What this task involves:
Print the listing in full, exactly as it stands.

Listed entries:

:::

Lemma toeplitz_form_kron M psi : toeplitz_form M psi kron = sq_sum M psi.
Proof.
  unfold toeplitz_form, sq_sum; apply gsum_ext_in; intros j k Hj Hk.
  unfold gsum.
  rewrite (sum_n_m_ext _ (fun p => if Nat.eq_dec p j then
      sum_n_m (fun q => if Nat.eq_dec q k then
        psi (Z.of_nat p) (Z.of_nat q) * psi (Z.of_nat j) (Z.of_nat k) else 0) 1 (M - 1)
      else 0)).
  - rewrite (sum_n_m_kron (fun p => sum_n_m _ 1 (M - 1))) by exact Hj.
    now rewrite (sum_n_m_kron (fun q => psi _ (Z.of_nat q) * _)) by exact Hk.
  - intros p; destruct Nat.eq_dec as [-> | Hpj].
    + apply sum_n_m_ext; intros q; unfold kron.
      rewrite Z.sub_diag; destruct Z.eq_dec; [| lia].
      destruct Nat.eq_dec, Z.eq_dec; try (exfalso; lia); [apply Rmult_1_r | apply Rmult_0_r].
    + apply sum_n_m_zero_in; intros q _; unfold kron.
      destruct Z.eq_dec; [exfalso; lia | apply Rmult_0_r].
Qed.

Lemma toeplitz_form_le M psi K : (forall l m, Rabs (K l m) <= 1) ->
  toeplitz_form M psi K <= INR (M - 1) ^ 2 * sq_sum M psi.
Proof.
  intros HK.
  apply Rle_trans with (gsum M (fun j k =>
    gsum M (fun p q => / 2 * (psi p q * psi p q) + / 2 * (psi j k * psi j k)))).
  - apply gsum_le; intros j k; apply gsum_le; intros p q.
    specialize (HK (p - j)%Z (q - k)%Z); apply Rabs_le_between in HK.
    set (u := psi p q); set (v := psi j k).
    pose proof (pow2_ge_0 (u - v)); pose proof (pow2_ge_0 (u + v)).
    destruct (Rle_lt_dec 0 (u * v)); nra.
  - apply Req_le.
    rewrite (gsum_ext M _ (fun j k => / 2 * sq_sum M psi
                                     + INR (M - 1) ^ 2 * (/ 2 * (psi j k * psi j k)))).
    + rewrite gsum_plus, gsum_const, !gsum_scal; unfold sq_sum; field.
    + intros j k; now rewrite gsum_plus, gsum_scal, gsum_const.
Qed.

Definition phase (l m : Z) (x y : R) : R := x * IZR l + y * IZR m.

Definition fourier_sq (M : nat) (psi : Z -> Z -> R) (x y : R) : R :=
  toeplitz_form M psi (fun l m => cos (phase l m x y)).

Lemma continuous2_cos_phase l m : continuous2 (fun x y => cos (phase l m x y)).
Proof.
  apply (continuous2_comp cos (phase l m)); [apply continuity_cos |].
  intros x y; unfold phase.
  apply continuity_2d_pt_plus; apply continuity_2d_pt_mult;
    auto using continuity_2d_pt_id1, continuity_2d_pt_id2, continuity_2d_pt_const.
Qed.

Lemma continuous2_fourier_sq M psi : continuous2 (fourier_sq M psi).
Proof.
  apply (continuous2_toeplitz_form M psi (fun l m x y => cos (phase l m x y))).
  intros; apply continuous2_cos_phase.
Qed.

Lemma fourier_sq_eq M psi x y :
  fourier_sq M psi x y =
  gsum M (fun p q => psi p q * cos (phase p q x y)) ^ 2
  + gsum M (fun p q => psi p q * sin (phase p q x y)) ^ 2.
Proof.
  rewrite <- !Rsqr_pow2; unfold Rsqr; rewrite !gsum_mul, <- gsum_plus.
  apply gsum_ext; intros j k; rewrite <- gsum_plus; apply gsum_ext; intros p q.
  replace (phase (p - j) (q - k) x y) with (phase p q x y - phase j k x y)
    by (unfold phase; rewrite !minus_IZR; ring).
  rewrite cos_minus; ring.
Qed.

Lemma fourier_sq_nonneg M psi x y : 0 <= fourier_sq M psi x y.
Proof. rewrite fourier_sq_eq; apply Rplus_le_le_0_compat; apply pow2_ge_0. Qed.

Lemma fourier_sq_le M psi x y : fourier_sq M psi x y <= INR (M - 1) ^ 2 * sq_sum M psi.
Proof. apply toeplitz_form_le; intros; apply Rabs_le, COS_bound. Qed.

Lemma RInt_cos_affine c (m : Z) :
  RInt (fun y => cos (c + y * IZR m)) (- PI) PI = if Z.eq_dec m 0 then 2 * PI * cos c else 0.
Proof.
  destruct (Z.eq_dec m 0) as [-> | Hm].
  - rewrite (RInt_ext _ (fun _ => cos c)) by (intros y _; now rewrite Rmult_0_r, Rplus_0_r).
    rewrite RInt_const; unfold scal; simpl; unfold mult; simpl; ring.
  - apply not_0_IZR in Hm.
    apply is_RInt_unique.
    replace 0 with (minus (sin (c + PI * IZR m) / IZR m) (sin (c + - PI * IZR m) / IZR m)).
    + apply (is_RInt_derive (fun y => sin (c + y * IZR m) / IZR m)).
      * intros y _; auto_derive; [easy | field; exact Hm].
      * intros y _; apply (ex_derive_continuous (fun y => cos (c + y * IZR m))); auto_derive; easy.
    + assert (Hs : sin (IZR m * PI) = 0) by (apply sin_eq_0_1; now exists m).
      replace (c + PI * IZR m) with (c + IZR m * PI) by ring.
      replace (c + - PI * IZR m) with (c - IZR m * PI) by ring.
      rewrite sin_plus, sin_minus, Hs; unfold minus, plus, opp; simpl; field; exact Hm.
Qed.

Lemma RInt2_cos_phase l m :
  RInt2 (fun x y => cos (phase l m x y)) (- PI) PI (- PI) PI = 4 * PI ^ 2 * kron l m.
Proof.
  unfold RInt2, phase, kron.
  rewrite (RInt_ext _ (fun x => if Z.eq_dec m 0 then 2 * PI * cos (0 + x * IZR l) else 0))
    by (intros x _; rewrite RInt_cos_affine, Rplus_0_l; reflexivity).
  destruct (Z.eq_dec m 0).
  - rewrite (RInt_scal (V := R_CompleteNormedModule) (fun x => cos (0 + x * IZR l))).
    + rewrite RInt_cos_affine; unfold scal; simpl; unfold mult; simpl.
      destruct (Z.eq_dec l 0); rewrite ?cos_0; ring.
    + apply (@ex_RInt_continuous R_CompleteNormedModule); intros x _.
      apply (ex_derive_continuous (fun y => cos (0 + y * IZR l))); auto_derive; easy.
  - rewrite RInt_const; unfold scal; simpl; unfold mult; simpl.
    destruct (Z.eq_dec l 0); ring.
Qed.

:::

Expected answer:
Lemma toeplitz_form_kron M psi : toeplitz_form M psi kron = sq_sum M psi.
Proof.
  unfold toeplitz_form, sq_sum; apply gsum_ext_in; intros j k Hj Hk.
  unfold gsum.
  rewrite (sum_n_m_ext _ (fun p => if Nat.eq_dec p j then
      sum_n_m (fun q => if Nat.eq_dec q k then
        psi (Z.of_nat p) (Z.of_nat q) * psi (Z.of_nat j) (Z.of_nat k) else 0) 1 (M - 1)
      else 0)).
  - rewrite (sum_n_m_kron (fun p => sum_n_m _ 1 (M - 1))) by exact Hj.
    now rewrite (sum_n_m_kron (fun q => psi _ (Z.of_nat q) * _)) by exact Hk.
  - intros p; destruct Nat.eq_dec as [-> | Hpj].
    + apply sum_n_m_ext; intros q; unfold kron.
      rewrite Z.sub_diag; destruct Z.eq_dec; [| lia].
      destruct Nat.eq_dec, Z.eq_dec; try (exfalso; lia); [apply Rmult_1_r | apply Rmult_0_r].
    + apply sum_n_m_zero_in; intros q _; unfold kron.
      destruct Z.eq_dec; [exfalso; lia | apply Rmult_0_r].
Qed.

Lemma toeplitz_form_le M psi K : (forall l m, Rabs (K l m) <= 1) ->
  toeplitz_form M psi K <= INR (M - 1) ^ 2 * sq_sum M psi.
Proof.
  intros HK.
  apply Rle_trans with (gsum M (fun j k =>
    gsum M (fun p q => / 2 * (psi p q * psi p q) + / 2 * (psi j k * psi j k)))).
  - apply gsum_le; intros j k; apply gsum_le; intros p q.
    specialize (HK (p - j)%Z (q - k)%Z); apply Rabs_le_between in HK.
    set (u := psi p q); set (v := psi j k).
    pose proof (pow2_ge_0 (u - v)); pose proof (pow2_ge_0 (u + v)).
    destruct (Rle_lt_dec 0 (u * v)); nra.
  - apply Req_le.
    rewrite (gsum_ext M _ (fun j k => / 2 * sq_sum M psi
                                     + INR (M - 1) ^ 2 * (/ 2 * (psi j k * psi j k)))).
    + rewrite gsum_plus, gsum_const, !gsum_scal; unfold sq_sum; field.
    + intros j k; now rewrite gsum_plus, gsum_scal, gsum_const.
Qed.

Definition phase (l m : Z) (x y : R) : R := x * IZR l + y * IZR m.

Definition fourier_sq (M : nat) (psi : Z -> Z -> R) (x y : R) : R :=
  toeplitz_form M psi (fun l m => cos (phase l m x y)).

Lemma continuous2_cos_phase l m : continuous2 (fun x y => cos (phase l m x y)).
Proof.
  apply (continuous2_comp cos (phase l m)); [apply continuity_cos |].
  intros x y; unfold phase.
  apply continuity_2d_pt_plus; apply continuity_2d_pt_mult;
    auto using continuity_2d_pt_id1, continuity_2d_pt_id2, continuity_2d_pt_const.
Qed.

Lemma continuous2_fourier_sq M psi : continuous2 (fourier_sq M psi).
Proof.
  apply (continuous2_toeplitz_form M psi (fun l m x y => cos (phase l m x y))).
  intros; apply continuous2_cos_phase.
Qed.

Lemma fourier_sq_eq M psi x y :
  fourier_sq M psi x y =
  gsum M (fun p q => psi p q * cos (phase p q x y)) ^ 2
  + gsum M (fun p q => psi p q * sin (phase p q x y)) ^ 2.
Proof.
  rewrite <- !Rsqr_pow2; unfold Rsqr; rewrite !gsum_mul, <- gsum_plus.
  apply gsum_ext; intros j k; rewrite <- gsum_plus; apply gsum_ext; intros p q.
  replace (phase (p - j) (q - k) x y) with (phase p q x y - phase j k x y)
    by (unfold phase; rewrite !minus_IZR; ring).
  rewrite cos_minus; ring.
Qed.

Lemma fourier_sq_nonneg M psi x y : 0 <= fourier_sq M psi x y.
Proof. rewrite fourier_sq_eq; apply Rplus_le_le_0_compat; apply pow2_ge_0. Qed.

Lemma fourier_sq_le M psi x y : fourier_sq M psi x y <= INR (M - 1) ^ 2 * sq_sum M psi.
Proof. apply toeplitz_form_le; intros; apply Rabs_le, COS_bound. Qed.

Lemma RInt_cos_affine c (m : Z) :
  RInt (fun y => cos (c + y * IZR m)) (- PI) PI = if Z.eq_dec m 0 then 2 * PI * cos c else 0.
Proof.
  destruct (Z.eq_dec m 0) as [-> | Hm].
  - rewrite (RInt_ext _ (fun _ => cos c)) by (intros y _; now rewrite Rmult_0_r, Rplus_0_r).
    rewrite RInt_const; unfold scal; simpl; unfold mult; simpl; ring.
  - apply not_0_IZR in Hm.
    apply is_RInt_unique.
    replace 0 with (minus (sin (c + PI * IZR m) / IZR m) (sin (c + - PI * IZR m) / IZR m)).
    + apply (is_RInt_derive (fun y => sin (c + y * IZR m) / IZR m)).
      * intros y _; auto_derive; [easy | field; exact Hm].
      * intros y _; apply (ex_derive_continuous (fun y => cos (c + y * IZR m))); auto_derive; easy.
    + assert (Hs : sin (IZR m * PI) = 0) by (apply sin_eq_0_1; now exists m).
      replace (c + PI * IZR m) with (c + IZR m * PI) by ring.
      replace (c + - PI * IZR m) with (c - IZR m * PI) by ring.
      rewrite sin_plus, sin_minus, Hs; unfold minus, plus, opp; simpl; field; exact Hm.
Qed.

Lemma RInt2_cos_phase l m :
  RInt2 (fun x y => cos (phase l m x y)) (- PI) PI (- PI) PI = 4 * PI ^ 2 * kron l m.
Proof.
  unfold RInt2, phase, kron.
  rewrite (RInt_ext _ (fun x => if Z.eq_dec m 0 then 2 * PI * cos (0 + x * IZR l) else 0))
    by (intros x _; rewrite RInt_cos_affine, Rplus_0_l; reflexivity).
  destruct (Z.eq_dec m 0).
  - rewrite (RInt_scal (V := R_CompleteNormedModule) (fun x => cos (0 + x * IZR l))).
    + rewrite RInt_cos_affine; unfold scal; simpl; unfold mult; simpl.
      destruct (Z.eq_dec l 0); rewrite ?cos_0; ring.
    + apply (@ex_RInt_continuous R_CompleteNormedModule); intros x _.
      apply (ex_derive_continuous (fun y => cos (0 + y * IZR l))); auto_derive; easy.
  - rewrite RInt_const; unfold scal; simpl; unfold mult; simpl.
    destruct (Z.eq_dec l 0); ring.
Qed.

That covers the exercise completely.